His push for robust political mobilisation in alignment with the APC is not, as cynics might suggest, simply a strongman securing his position through party loyalty. Look closer, and a more strategic logic reveals itself. By anchoring the union firmly within the orbit of the state government’s developmental agenda, Sego has done something tactically shrewd and institutionally necessary. He has bought the union room to breathe.

This is about synergy. When the NURTW is seen as a partner in progress rather than a parallel power structure to be managed or suppressed, it creates the conditions under which genuine reform becomes possible. Administrative bans, leadership crises, and government interference have historically derailed even the most well-intentioned union leadership in Lagos. Political alignment, handled wisely, removes that threat entirely and replaces confrontation with collaboration.

The result is stability and in an institution as historically volatile as the NURTW, stability is not a small achievement.
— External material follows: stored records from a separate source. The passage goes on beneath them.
(* Let $X$ be an FK-space containing $\phi$. Then $X$ has $F\sigma_p^q[K]$ if and only if $\overline{\phi}$ (the closure of $\phi$ in $X$) has $\sigma_p^q[K]$ and $X\subseteq(\overline{\phi})^{dd}$.
   Context: An FK-space is a vector subspace of the space $w$ of all complex sequences with a complete metrizable locally convex topology in which coordinate functionals are continuous; $X'$ is its continuous dual. $\delta^j$ has $1$ in position $j$, $0$ elsewhere; $\phi=\operatorname{span}\{\delta^j\}$. $p(n)<q(n)$ are nonnegative integer sequences with $q(n)\to\infty$. For $x\in w$, $x^{(k)}=\sum_{j=1}^kx_j\delta^j$; a subset $Y\subseteq X$ has $\sigma_p^q[K]$ if $\frac{1}{q(n)-p(n)}\sum_{k=p(n)+1}^{q(n)}x^{(k)}\to x$ in $X$ for every $x\in Y$. $\sigma_p^q[s]=\{x:\lim_n\frac{1}{q(n)-p(n)}\sum_{k=p(n)+1}^{q(n)}\sum_{j=1}^kx_j\text{ exists}\}$; for $E\subseteq w$, $E^d=\{x\in w:(x_ny_n)_n\in\sigma_p^q[s]\ \forall y\in E\}$, $E^{dd}=(E^d)^d$. $D_p^qF^+(X)=\{x\in w:\lim_n\frac{1}{q(n)-p(n)}\sum_{k=p(n)+1}^{q(n)}\sum_{j=1}^kx_jf(\delta^j)\text{ exists }\forall f\in X'\}$. $X$ has $F\sigma_p^q[K]$ if $X\subseteq D_p^qF^+(X)$. *)

From Stdlib Require Import Reals Lra Lia.
From Coquelicot Require Import Coquelicot.
Open Scope R_scope.

(** Complex sequences: the space w.  Indices are 0-based: the paper's
    coordinate x_j (j >= 1) is [x (j-1)]. *)
Definition cseq := nat -> C.

Definition szero : cseq := fun _ => RtoC 0.
Definition sadd (x y : cseq) : cseq := fun j => Cplus (x j) (y j).
Definition ssub (x y : cseq) : cseq := fun j => Cminus (x j) (y j).
Definition sscal (c : C) (x : cseq) : cseq := fun j => Cmult c (x j).

Definition Ccv (u : nat -> C) (l : C) : Prop :=
  forall eps : R, 0 < eps -> exists N : nat, forall n : nat, (N <= n)%nat ->
    Cmod (Cminus (u n) l) < eps.

Fixpoint csum (g : nat -> C) (n : nat) : C :=
  match n with O => RtoC 0 | S m => Cplus (csum g m) (g m) end.
Definition csum_range (g : nat -> C) (a b : nat) : C :=
  csum (fun i => g (a + i)%nat) (b - a).

(** delta^j, phi, sections x^(k) = sum_{j<=k} x_j delta^j (first k coordinates). *)
Definition delta (j : nat) : cseq := fun i => if Nat.eqb i j then RtoC 1 else RtoC 0.
Definition in_phi (x : cseq) : Prop := exists N : nat, forall j, (N <= j)%nat -> x j = RtoC 0.
Definition section (k : nat) (x : cseq) : cseq := fun j => if Nat.ltb j k then x j else RtoC 0.

Definition pqmean (p q : nat -> nat) (n : nat) (g : nat -> C) : C :=
  Cmult (Cinv (RtoC (INR (q n - p n)))) (csum_range g (S (p n)) (S (q n))).

(** A (metrizable, locally convex) topology on the subspace X of w is given by a
    countable family of seminorms [sn k] (k : nat).  In a metrizable space the
    topology is determined by convergent sequences, so convergence, closure,
    continuity and completeness are expressed sequentially. *)
Definition seq_conv (sn : nat -> cseq -> R) (u : nat -> cseq) (x : cseq) : Prop :=
  forall k : nat, Un_cv (fun n => sn k (ssub (u n) x)) 0.

Definition is_FK (X : cseq -> Prop) (sn : nat -> cseq -> R) : Prop :=
  X szero /\
  (forall x y, X x -> X y -> X (sadd x y)) /\
  (forall c x, X x -> X (sscal c x)) /\
  (forall k x, X x -> 0 <= sn k x) /\
  (forall k x y, X x -> X y -> sn k (sadd x y) <= sn k x + sn k y) /\
  (forall k c x, X x -> sn k (sscal c x) = Cmod c * sn k x) /\
  (forall u : nat -> cseq, (forall n, X (u n)) ->
     (forall k eps, 0 < eps -> exists N : nat, forall m n, (N <= m)%nat -> (N <= n)%nat ->
         sn k (ssub (u m) (u n)) < eps) ->
     exists x, X x /\ seq_conv sn u x) /\
  (forall (u : nat -> cseq) (x : cseq), (forall n, X (u n)) -> X x ->
     seq_conv sn u x -> forall j, Ccv (fun n => u n j) (x j)).

Definition in_dual (X : cseq -> Prop) (sn : nat -> cseq -> R) (f : cseq -> C) : Prop :=
  (forall x y, X x -> X y -> f (sadd x y) = Cplus (f x) (f y)) /\
  (forall c x, X x -> f (sscal c x) = Cmult c (f x)) /\
  (forall (u : nat -> cseq) (x : cseq), (forall n, X (u n)) -> X x ->
     seq_conv sn u x -> Ccv (fun n => f (u n)) (f x)).

Definition phi_closure (X : cseq -> Prop) (sn : nat -> cseq -> R) (x : cseq) : Prop :=
  X x /\ exists u : nat -> cseq, (forall n, in_phi (u n)) /\ seq_conv sn u x.

Definition has_sigmaK (sn : nat -> cseq -> R) (p q : nat -> nat) (Y : cseq -> Prop) : Prop :=
  forall x, Y x ->
    seq_conv sn (fun n => fun j => pqmean p q n (fun k => section k x j)) x.

Definition sigma_s (p q : nat -> nat) (x : cseq) : Prop :=
  exists l : C, Ccv (fun n => pqmean p q n (fun k => csum x k)) l.

Definition dual_d (p q : nat -> nat) (E : cseq -> Prop) (x : cseq) : Prop :=
  forall y, E y -> sigma_s p q (fun n => Cmult (x n) (y n)).

Definition DF (X : cseq -> Prop) (sn : nat -> cseq -> R) (p q : nat -> nat) (x : cseq) : Prop :=
  forall f, in_dual X sn f ->
    exists l : C, Ccv (fun n => pqmean p q n
                          (fun k => csum (fun j => Cmult (x j) (f (delta j))) k)) l.

Definition has_FsigmaK (X : cseq -> Prop) (sn : nat -> cseq -> R) (p q : nat -> nat) : Prop :=
  forall x, X x -> DF X sn p q x.

From Stdlib Require Import Reals Lra Lia Arith.
From Coquelicot Require Import Coquelicot.
From Stdlib Require Import FunctionalExtensionality ClassicalEpsilon Classical.
From mathcomp Require boolp classical_sets.
Open Scope R_scope.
It is the very soil in which empowerment programmes take root, in which terminals get built and remain standing, and in which long-term reform can be pursued without being ambushed by political turbulence.
The message Sego is sending to the state government is clear. We are not your problem to manage. We are your partner in building Lagos. That reframing, if sustained, changes everything about how the union is treated, resourced, and respected at the highest levels of government.
Of course, the counsel remains: alignment must never become submission, and partnership must never eclipse the union’s primary duty to its members. Political relationships are transactional by nature, and the NURTW must always ensure that its members and not political patrons remain the ultimate beneficiaries of every alliance forged. But wielded with integrity and intention, political alignment under Sego is not a compromise of the reform agenda.
It is, in fact, one of its most important enablers.

The Burden and the Opportunity
Let no one underestimate how difficult Sego’s task truly is. He is not simply running an organisation. He is attempting to change how millions of Nigerians think about that organisation. Public perception, once calcified, is stubborn. The work of image rehabilitation is slow, unglamorous, and often thankless. For every empowerment programme that goes unnoticed, there is one incident of indiscipline that makes the front page.

This is why consistency is everything. The transformation cannot be a campaign. It must be a culture. Every garage must reflect the new standard. Every official must be held to account. Every member must understand that the era of settling disputes with violence is incompatible with the union Sego is trying to build.
The chairman must also invest deliberately in the next generation of leadership within the union. Transformation that lives only in one man is transformation that dies when that man leaves. Mentorship, succession planning, and the deliberate grooming of reform-minded successors are not optional. They are the difference between a moment and a movement.

Alhaji Mustapha Adekunle, Tafa Sego, has been handed, or rather has earned, a rare opportunity. The opportunity to be the man who changed the story. Lagos is watching. Transport workers across Nigeria are watching. The millions of commuters who share roads with NURTW members every single day are watching.

The foundation is being laid. The early chapters of a different story are being written. What remains is the courage to see it through, to prioritise legacy over convenience, institution-building over political patronage, and the long game over the short.

The terminals he builds, the members he lifts, the culture he plants. These will outlast every political season and every administrative tenure. That is what legacy looks like. That is what Lagos needs from its NURTW.

Do that, Alhaji, and history will be kind.